Learning approximations to smooth target functions of many variables from finite sets of pointwise samples is an important task in scientific computing and its many applications in computational science and engineering. Despite well over half a century of research on high-dimensional approximation, this remains a challenging problem. Yet, significant advances have been made in the last decade towards efficient methods for doing this, commencing with so-called sparse polynomial approximation methods and continuing most recently with methods based on Deep Neural Networks (DNNs). In tandem, there have been substantial advances in the relevant approximation theory and analysis of these techniques. In this work, we survey this recent progress. We describe the contemporary motivations for this problem, which stem from parametric models and computational uncertainty quantification; the relevant function classes, namely, classes of infinite-dimensional, Banach-valued, holomorphic functions; fundamental limits of learnability from finite data for these classes; and finally, sparse polynomial and DNN methods for efficiently learning such functions from finite data. For the latter, there is currently a significant gap between the approximation theory of DNNs and the practical performance of deep learning. Aiming to narrow this gap, we develop the topic of practical existence theory, which asserts the existence of dimension-independent DNN architectures and training strategies that achieve provably near-optimal generalization errors in terms of the amount of training data.
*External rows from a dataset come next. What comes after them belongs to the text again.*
Lemma eigvec_bracket_distinct (r1 r2 r3 : 'rV[R]_n -> R) (x y z : vfield R n) :
  diff_fun r1 U -> diff_fun r2 U -> diff_fun r3 U ->
  diff_vfield x U -> diff_vfield y U -> diff_vfield z U ->
  eigvec g T r1 x U -> eigvec g T r2 y U -> eigvec g T r3 z U ->
  (forall p, U p -> [/\ r1 p != r2 p, r2 p != r3 p & r1 p != r3 p]) ->
  forall p, U p ->
  bform (T p) (x p) (sbracket g y z p) + bform (T p) (z p) (sbracket g x y p)
  + bform (T p) (y p) (sbracket g z x p) = 0.
Proof.
move=> d1 d2 d3 dx dy dz xE yE zE r_neq p Up; have [gs _] := gU Up.
have [r12 r23 r13] := r_neq p Up.
rewrite /sbracket !cov_covD.
exact: (eigen_jet_distinct gs (Ts Up) (nablaT_dir_bform_sym Up)
  (nablaT_dir_cyclic (T_cyclic Up)) r12 r23 r13
  (eigvec_jet oU gU Ts dg dT d1 dx xE Up)
  (eigvec_jet oU gU Ts dg dT d2 dy yE Up)
  (eigvec_jet oU gU Ts dg dT d3 dz zE Up)).
Qed.

End EigenBrackets.

Lemma killing_tensor_cyclic (R : realType) n (U : set 'rV[R]_n)
    (g T : tfield R n) :
  killing_tensor g T U -> forall q, U q -> forall a b c,
  nablaT g T q a b c + nablaT g T q b c a + nablaT g T q c a b
  = g q a b * (0 : 'rV[R]_n) 0 c + g q b c * (0 : 'rV[R]_n) 0 a
    + g q c a * (0 : 'rV[R]_n) 0 b.
Proof. by move=> kT q Uq a b c; rewrite (kT q Uq).2 !mxE !mulr0 !addr0. Qed.

Lemma conformal_tensor_cyclic (R : realType) n (U : set 'rV[R]_n)
    (g T : tfield R n) :
  open U -> pseudo_riemannian g U -> diff_tfield g U -> diff_tfield T U ->
  conformal_tensor g T U -> forall q, U q -> forall a b c,
  let t := (2 / (n + 2)%:R) *: divT g T q in
  nablaT g T q a b c + nablaT g T q b c a + nablaT g T q c a b
  = g q a b * t 0 c + g q b c * t 0 a + g q c a * t 0 b.
Proof.
move=> oU gU dg dT [t' Ht'] q Uq a b c t.
have Ts q' : U q' -> (T q')^T = T q' by move=> Uq'; case: (Ht' q' Uq').
have T_traceless q' : U q' -> \sum_a \sum_b ginv g q' a b * T q' a b = 0.
  by move=> Uq'; case: (Ht' q' Uq') => _ [].
have [_ [_ cyc]] := Ht' q Uq.
by rewrite /t -(conformal_oneform oU gU dg dT Ts T_traceless Uq cyc).
Qed.

Unset Implicit Arguments. Set Strict Implicit.

Theorem lemma3 (R : realType) (n : nat) (U : set 'rV[R]_n)
  (g T : 'rV[R]_n -> 'M[R]_n) (conf : bool) :
  open U -> pseudo_riemannian g U -> diff_tfield g U -> diff_tfield T U ->
  (if conf then conformal_tensor g T U else killing_tensor g T U) ->
  let t : 'rV[R]_n -> 'rV[R]_n :=
    if conf then fun p => (2 / (n + 2)%:R) *: divT g T p else fun _ => 0 in
  (forall (rho : 'rV[R]_n -> R) (x y : 'rV[R]_n -> 'rV[R]_n),
     diff_fun rho U -> diff_vfield x U -> diff_vfield y U ->
     eigvec g T rho x U -> eigvec g T rho y U ->
     forall p, U p ->
       let s := drho rho p - t p in
       sbracket g x y p *m (T p - rho p *: g p)
       = bform (g p) (x p) (y p) *: s
         + bform (g p) (s *m (ginv g p)^T) (x p) *: (y p *m g p)
         + bform (g p) (s *m (ginv g p)^T) (y p) *: (x p *m g p))
  /\
  (forall (r1 r2 r3 : 'rV[R]_n -> R) (x y z : 'rV[R]_n -> 'rV[R]_n),
     diff_fun r1 U -> diff_fun r2 U -> diff_fun r3 U ->
     diff_vfield x U -> diff_vfield y U -> diff_vfield z U ->
     eigvec g T r1 x U -> eigvec g T r2 y U -> eigvec g T r3 z U ->
     (forall p, U p -> [/\ r1 p != r2 p, r2 p != r3 p & r1 p != r3 p]) ->
     forall p, U p ->
       bform (T p) (x p) (sbracket g y z p)
       + bform (T p) (z p) (sbracket g x y p)
       + bform (T p) (y p) (sbracket g z x p) = 0).
Proof.
move=> oU gU dg dT T_type t.
have Ts : forall q, U q -> (T q)^T = T q.
  case: conf T_type {t} => [[t' Ht'] | kT] q Uq.
    by case: (Ht' q Uq).
  by case: (kT q Uq).
have T_cyclic : forall q, U q -> forall a b c,
    nablaT g T q a b c + nablaT g T q b c a + nablaT g T q c a b
    = g q a b * t q 0 c + g q b c * t q 0 a + g q c a * t q 0 b.
  rewrite /t; case: conf T_type {t} => T_type.
    exact: conformal_tensor_cyclic.
  exact: killing_tensor_cyclic.
split; first exact: (eigvec_bracket_same oU gU dg dT Ts T_cyclic).
exact: (eigvec_bracket_distinct oU gU dg dT Ts T_cyclic).
Qed.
翻译：从有限点采样集合中学习多变量光滑目标函数的逼近，是科学计算及其在计算科学与工程中众多应用的重要任务。尽管对高维逼近的研究已逾半个世纪，这仍是一个具有挑战性的问题。然而，过去十年间，在实现这一目标的高效方法方面取得了显著进展，始于所谓的稀疏多项式逼近方法，并延续至近期基于深度神经网络（DNN）的方法。与此同时，这些技术的相关逼近理论与分析也取得了实质性进展。本文综述了这些近期成果。我们阐述了该问题的当代动机，这些动机源于参数化模型与计算不确定性量化；相关的函数类，即无穷维、Banach值、全纯函数类；这些函数类在有限数据下可学习性的基本限制；以及最后，用于从有限数据中高效学习此类函数的稀疏多项式和DNN方法。针对后者，目前DNN的逼近理论与深度学习的实际性能之间存在显著差距。为缩小这一差距，我们发展了实践存在性理论这一主题，该理论断言存在维度无关的DNN架构与训练策略，能在训练数据量方面实现可证明的接近最优的泛化误差。